In the coating liquid for forming the antistatic coating film of the present invention, the stability of the coating liquid, especially the aqueous coating liquid is improved,
In order to improve the wettability when the coating liquid is applied to the polyester film, a surfactant (D) can be added. Examples of the surfactant (D) include alkylene oxide homopolymers, alkylene oxide copolymers, aliphatic alcohol / alkylene oxide adducts,
Long chain aliphatic substituted phenol / alkylene oxide adducts, polyhydric alcohol fatty acid esters, long chain aliphatic amide alcohols and other nonionic surfactants, compounds having quaternary ammonium salts, compounds having alkylpyridinium salts, sulfonates Examples thereof include a cationic or anionic surfactant such as a compound having a nonionic surfactant, and in particular, a nonionic surfactant has an excellent effect on the adhesion between the coating film and the base film and the blocking resistance of the antistatic film. Therefore, it is preferable.

The antistatic coating film in the present invention is formed by applying a coating liquid containing the above-mentioned antistatic agent (A) and cross-linking agent (C), and further binder resin (B).
And / or a coating liquid containing a surfactant (D) is preferable. The proportion of the antistatic agent (A) contained in the coating liquid is
In order to improve the antistatic property, it is necessary to be 4 to 99% by weight, preferably 10 to 99% by weight. If the proportion of the antistatic agent (A) is less than 4% by weight, the antistatic property will be insufficient. Also, a cross-linking agent (C)
It is necessary that the ratio is 1 to 15% by weight. When the proportion of the cross-linking agent (C) is less than 1% by weight, the solvent resistance of the antistatic coating film is lowered, which is not preferable, while when it exceeds 15% by weight, the stability of the coating liquid is lowered, which is not preferable.

The following examples can be given as particularly preferable embodiments of the antistatic coating film in the present invention. That is, as a particularly preferable solid content composition of the coating liquid for forming the antistatic coating film, the antistatic agent (A) is 10 to 80% by weight, the binder resin (B) is 19 to 80% by weight, and the crosslinking agent (C) is 1. 10 wt% and 0 to 25 wt% of the surfactant (D), the antistatic agent (A) is a repeating unit of the structure represented by the above formula (1) (provided that in the formula (1), R
¹ and R ² are H or CH ₃ , R ³ and R ⁶ are ethylene groups, R ⁴ and R ⁵ are saturated hydrocarbon groups each having 1 to 5 carbon atoms, and n and m are each 1 to 40. , Y ^- is R ⁹ S
The alkyl sulfonate ion represented by O ₃ ^— , R ⁹ represents a saturated hydrocarbon group having 1 to 5 carbon atoms. ) Is the main component, and the binder resin (B) has a second-order transition point 2
It is an acrylic resin (B-2) having a temperature of 0 to 100 ° C., and the surface energy of the antistatic coating film is 37 to 73 dyne /
cm and the contact angle with water is 40 to 110 degrees.

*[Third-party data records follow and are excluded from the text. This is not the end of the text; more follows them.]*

Theorem lemma5p5 (n k : nat) (u : 'S_n) (s1 s2 : seq 'S_n)
    (s' : lchain n) (m : nat) :
  1 <= k <= n.-1 ->
  dec_tail k (last (last u s1) s2) ->
  incr_kchain k u s1 ->
  incr_kchain 1 (last u s1) s2 ->
  clos_refl_trans_1n _ (gd_move k 1 u) (concat_lchain s1 s2) s' ->
  map fst s' = nseq m true ++ nseq (size s' - m) false ->
  incr_kchain 1 u (map snd (take m s')) /\
  incr_kchain k (last u (map snd (take m s'))) (map snd (drop m s')).
Proof.
case: n u s1 s2 s' => [|n] u s1 s2 s' /andP [k_gt0 kn]; first by move: kn; rewrite leqNgt k_gt0.
move=> dt inc1 [sat2 _] moves.
apply: gd_inv_incr_split (gd_moves_inv k_gt0 dt moves (gd_inv_concat inc1 sat2)).
Qed.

When the antistatic agent (A) is in the range of 10 to 80% by weight, the adhesion between the coating film and the polyester film and the antistatic property are good, and the binder resin (B) is 1
When it is in the range of 9 to 80% by weight, the antistatic property and the adhesion between the coating film and the polyester film are good, and when the content of the crosslinking agent (C) is in the range of 1 to 10% by weight, the solvent resistance of the coating film is high. And the anti-static film have good blocking resistance, and when the surfactant (D) is in the range of 0 to 25% by weight, the adhesiveness between the coating film and the polyester film and the anti-static film blocking resistance are improved. It will be good.

When an antistatic film provided with a coating film formed from the coating liquid of the above embodiment and having the characteristics of the coating film satisfying the above characteristics is used, for example, in a magnetic card, the coating film and the base film are A coating film in the present invention that can obtain particularly excellent adhesiveness and antistatic film blocking resistance, heat resistance, and antistatic property at low humidity is formed by applying an aqueous coating liquid (water as a medium). However, it is also possible to form by applying an organic solvent as a solvent. As this organic solvent, methyl ethyl ketone,
Acetone, ethyl acetate, tetrahydrofuran, dioxane, cyclohexanone, n-hexane, toluene, xylene, methanol, ethanol, n-propanol, isopropanol and the like can be exemplified. These may be used alone or in combination of two or more.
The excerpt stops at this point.